To be a responsible pet owner it is vital that:

  • The decision to acquire a pet is properly considered, which includes what type of animal; the level of care; what would be suitable for the individual or family; etc.;
  • The owner can comfortably afford to own a particular animal/s. This should include not only being able to feed the animal adequately, but also be able to afford annual vaccinations; and deworming, including any extra veterinary costs that may unexpectedly occur;
  • The owner must have sufficient space for the animal to live a life where it is able to express normal behaviour – no chaining, caging or confining to small, unsuitable areas is acceptable;
  • The owner understands and meets the behavioural and social needs of the chosen animal;
  • Ensuring appropriate and reliable identification of the animal;
  • Training and socialisation of the animal to ensure the development of appropriate behaviour;
  • The responsible pet owner also ensures that his property has fencing or walling high enough to make certain the animal is unable to roam and ensures that any holes either in the fencing/walling (or under the fencing/walling) are effectively closed off to ensure that the animal remains on the property;
  • The owner must ensure that daily access to fresh, clean water and a correct diet is available for the type, size and age of animal in his care;
  • The animal must have suitable weatherproof shelter with a comfortable resting place (blanket/carpeting, etc.) that allows it to get out of reach of unsuitable weather conditions such as heat, cold, wind, dust or rain;
  • The animal must be sterilised at an appropriate age.

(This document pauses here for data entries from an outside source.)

(* Let $G$ be a graph of order $n\geq 2$. Then $q_{2}(G)=n-2$ if and only if the complement $\overline{G}$ has a balanced bipartite component or has at least two bipartite components.
   Context: All graphs are finite and simple. For a graph $G$ with adjacency matrix $A$ and diagonal degree matrix $D$, the signless Laplacian is $Q(G)=A+D$; its eigenvalues are denoted $q_1(G)\geq q_2(G)\geq\cdots\geq q_n(G)$. $\overline{G}$ denotes the complement of $G$. A connected bipartite graph is called balanced if its two vertex classes have equal size, and unbalanced otherwise; an isolated vertex is considered to be an (unbalanced) bipartite component with one empty vertex class. A bipartite component of a graph means a connected component that is bipartite (including isolated vertices). *)

From HB Require Import structures.
From mathcomp Require Import all_boot all_order all_algebra all_field.
Set Implicit Arguments. Unset Strict Implicit. Unset Printing Implicit Defensive.
Import Order.TTheory GRing.Theory Num.Theory.

Definition simple_graph (n : nat) (e : rel 'I_n) : Prop :=
  irreflexive e /\ symmetric e.

Definition compl_graph (n : nat) (e : rel 'I_n) : rel 'I_n :=
  fun i j => (i != j) && ~~ e i j.

Definition degree (n : nat) (e : rel 'I_n) (i : 'I_n) : nat :=
  #|[set j | e i j]|.

Local Open Scope ring_scope.

Definition adj_mx (n : nat) (e : rel 'I_n) : 'M[algC]_n :=
  \matrix_(i, j) (e i j)%:R.

Definition deg_mx (n : nat) (e : rel 'I_n) : 'M[algC]_n :=
  \matrix_(i, j) ((i == j)%:R * (degree e i)%:R).

Definition signless_laplacian (n : nat) (e : rel 'I_n) : 'M[algC]_n :=
  adj_mx e + deg_mx e.

Definition eigenvalues (n : nat) (M : 'M[algC]_n) : seq algC :=
  sval (closed_field_poly_normal (char_poly M)).

(* Q-spectrum sorted in nonincreasing order q_1 >= q_2 >= ... >= q_n
   (all eigenvalues of the real symmetric matrix Q are real, so this
   relation is total on them). *)
Definition Qspectrum (n : nat) (e : rel 'I_n) : seq algC :=
  sort (fun x y : algC => y <= x) (eigenvalues (signless_laplacian e)).

(* q_k(G), 1-indexed *)
Definition qeig (n : nat) (e : rel 'I_n) (k : nat) : algC :=
  nth 0 (Qspectrum e) k.-1.

Local Close Scope ring_scope.

Definition component (n : nat) (e : rel 'I_n) (v : 'I_n) : {set 'I_n} :=
  [set w | connect e v w].

Definition bipartite_on (n : nat) (e : rel 'I_n) (C : {set 'I_n})
  (c : 'I_n -> bool) : Prop :=
  forall x y, x \in C -> y \in C -> e x y -> c x != c y.

Definition bipartite_component (n : nat) (e : rel 'I_n) (v : 'I_n) : Prop :=
  exists c, bipartite_on e (component e v) c.

(* balanced: a proper 2-colouring with equal colour classes (for a connected
   bipartite graph the bipartition is unique up to swapping) *)
Definition balanced_bipartite_component (n : nat) (e : rel 'I_n) (v : 'I_n)
  : Prop :=
  exists c, bipartite_on e (component e v) c /\
    #|[set w in component e v | c w]| = #|[set w in component e v | ~~ c w]|.

Definition has_two_bipartite_components (n : nat) (e : rel 'I_n) : Prop :=
  exists u v, ~~ connect e u v /\ bipartite_component e u /\
              bipartite_component e v.

(* Q(G) + Q(co-G) = J + (n - 2) I, so on a vector u with zero entry
   sum  u Q(G) u^* = (n - 2)|u|^2 - u Q(co-G) u^*, and u Q(co-G) u^* >= 0
   vanishes exactly when u is alternating on co-G (u_i + u_j = 0 along
   every edge).  Spectrally, q_2 = c iff two eigenvalues are >= c and not
   two of them are > c.  Every plane spanned by two eigenvectors contains a
   nonzero sum-zero vector, which excludes two eigenvalues > n - 2 and shows
   that two eigenvalues >= n - 2 produce a nonzero alternating sum-zero
   vector; conversely such a vector w, together with the indicator of a
   bipartite component of co-G, spans a plane on which the Rayleigh quotient
   is >= n - 2 (min-max).  Finally, nonzero alternating sum-zero vectors
   exist exactly when co-G has a balanced bipartite component or two
   bipartite components. *)

From HB Require Import structures.
From mathcomp Require Import all_boot all_order all_algebra all_field.
From mathcomp Require Import sesquilinear spectral ring.
Set Implicit Arguments. Unset Strict Implicit. Unset Printing Implicit Defensive.
Import Order.TTheory GRing.Theory Num.Theory.
Local Open Scope ring_scope.
Local Open Scope sesquilinear_scope.

Definition qform n (A : 'M[algC]_n) (u : 'rV[algC]_n) : algC :=
  (u *m A *m u ^t*) 0 0.
Definition sqnorm n (u : 'rV[algC]_n) : algC := (u *m u ^t*) 0 0.
Definition sumv n (u : 'rV[algC]_n) : algC := \sum_i u 0 i.

Lemma sqnormE n (u : 'rV[algC]_n) : sqnorm u = \sum_i u 0 i * (u 0 i)^*.
Proof. by rewrite /sqnorm mxE; apply: eq_bigr => i _; rewrite !mxE. Qed.

Lemma qformD n (A B : 'M[algC]_n) u : qform (A + B) u = qform A u + qform B u.
Proof. by rewrite /qform mulmxDr mulmxDl mxE. Qed.

Lemma qformB n (A B : 'M[algC]_n) u : qform (A - B) u = qform A u - qform B u.
Proof. by rewrite /qform mulmxBr mulmxBl !mxE. Qed.

Lemma qform_scalar n (a : algC) (u : 'rV[algC]_n) : qform a%:M u = a * sqnorm u.
Proof. by rewrite /qform mul_mx_scalar -scalemxAl mxE. Qed.

Lemma qform_const1 n (u : 'rV[algC]_n) : qform (const_mx 1) u = sumv u * (sumv u)^*.
Proof.
rewrite /qform /sumv mxE rmorph_sum mulr_sumr; apply: eq_bigr => k _.
rewrite !mxE; congr (_ * _); apply: eq_bigr => i _.
by rewrite !mxE mulr1.
Qed.

Lemma qformE n (A : 'M[algC]_n) u :
  qform A u = \sum_i \sum_j u 0 i * A i j * (u 0 j)^*.
Proof.
rewrite /qform mxE [RHS]exchange_big; apply: eq_bigr => j _.
by rewrite !mxE mulr_suml.
Qed.

Lemma sumvZD n a b (x y : 'rV[algC]_n) :
  sumv (a *: x + b *: y) = a * sumv x + b * sumv y.
Proof.
by rewrite /sumv !mulr_sumr -big_split; apply: eq_bigr => i _; rewrite !mxE.
Qed.

Lemma row_neq0P (R : zmodType) n (u : 'rV[R]_n) : u != 0 -> exists k, u 0 k != 0.
Proof.
move=> u0; apply/existsP; apply: contraNT u0; rewrite negb_exists => /forallP uk.
by apply/eqP/rowP => k; have := uk k; rewrite negbK !mxE => /eqP.
Qed.

Lemma psumr_gt0 (R : numDomainType) (I : finType) (F : I -> R) k :
  (forall i, 0 <= F i) -> 0 < F k -> 0 < \sum_i F i.
Proof.
move=> F_ge0 Fk; rewrite lt_def sumr_ge0 // andbT psumr_neq0 //.
by apply/hasP; exists k; rewrite ?mem_index_enum.
Qed.

Lemma nontrivial_kernel2 (R : comNzRingType) (x y : R) :
  exists ab : R * R, ((ab.1 != 0) || (ab.2 != 0)) /\ ab.1 * x + ab.2 * y = 0.
Proof.
have [x0|x0] := eqVneq x 0.
  by exists (1, 0); rewrite /= x0 oner_eq0 mulr0 mul0r addr0.
by exists (y, - x); rewrite /= oppr_eq0 x0 orbT; split=> //; ring.
Qed.

Lemma count_enum (T : finType) (p : pred T) : count p (enum T) = #|p|.
Proof. by rewrite cardE -size_filter /enum_mem filter_predT. Qed.

Lemma char_poly_conj (R : comUnitRingType) n (P Q D : 'M[R]_n) :
  Q *m P = 1%:M -> char_poly (Q *m D *m P) = char_poly D.
Proof.
move=> QP; rewrite /char_poly.
have QP' : map_mx polyC Q *m map_mx polyC P = 1%:M by rewrite -map_mxM QP map_mx1.
have -> : char_poly_mx (Q *m D *m P) =
          map_mx polyC Q *m char_poly_mx D *m map_mx polyC P.
  by rewrite /char_poly_mx mulmxBr mulmxBl !map_mxM mul_mx_scalar -scalemxAl QP' scalemx1.
by rewrite !det_mulmx mulrC mulrA -det_mulmx (mulmx1C QP') det1 mul1r.
Qed.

Kittens and puppies can safely have the sterilisation procedure carried out between the ages of 8-12 weeks. It is not necessary for a female to have a litter before she is sterilised. This is a misleading notion that simply results in many unwanted animals being born; and
  • A responsible owner will also ensure that they can afford to spend quality and adequate time with the companion animal, which may include grooming, training and exercise.
We strongly suggest that research is done to establish the cost implications with regard to food, vaccinations, monthly de-fleaing, de-worming and vets bills (pet insurance is an option). Carefully consider whether you have the time required to successfully integrate the new pet into your household and the time to spend with your pet e.g. walking, playing and training.

SPCA Adoption Policy

The SPCA is opposed to the keeping of domestic animals by those who do not have the facilities, time, financial means or level of interest to ensure optimal standards of care and husbandry for their companion animals.

The SPCA is opposed to the keeping of indigenous wild or exotic species as companion animals.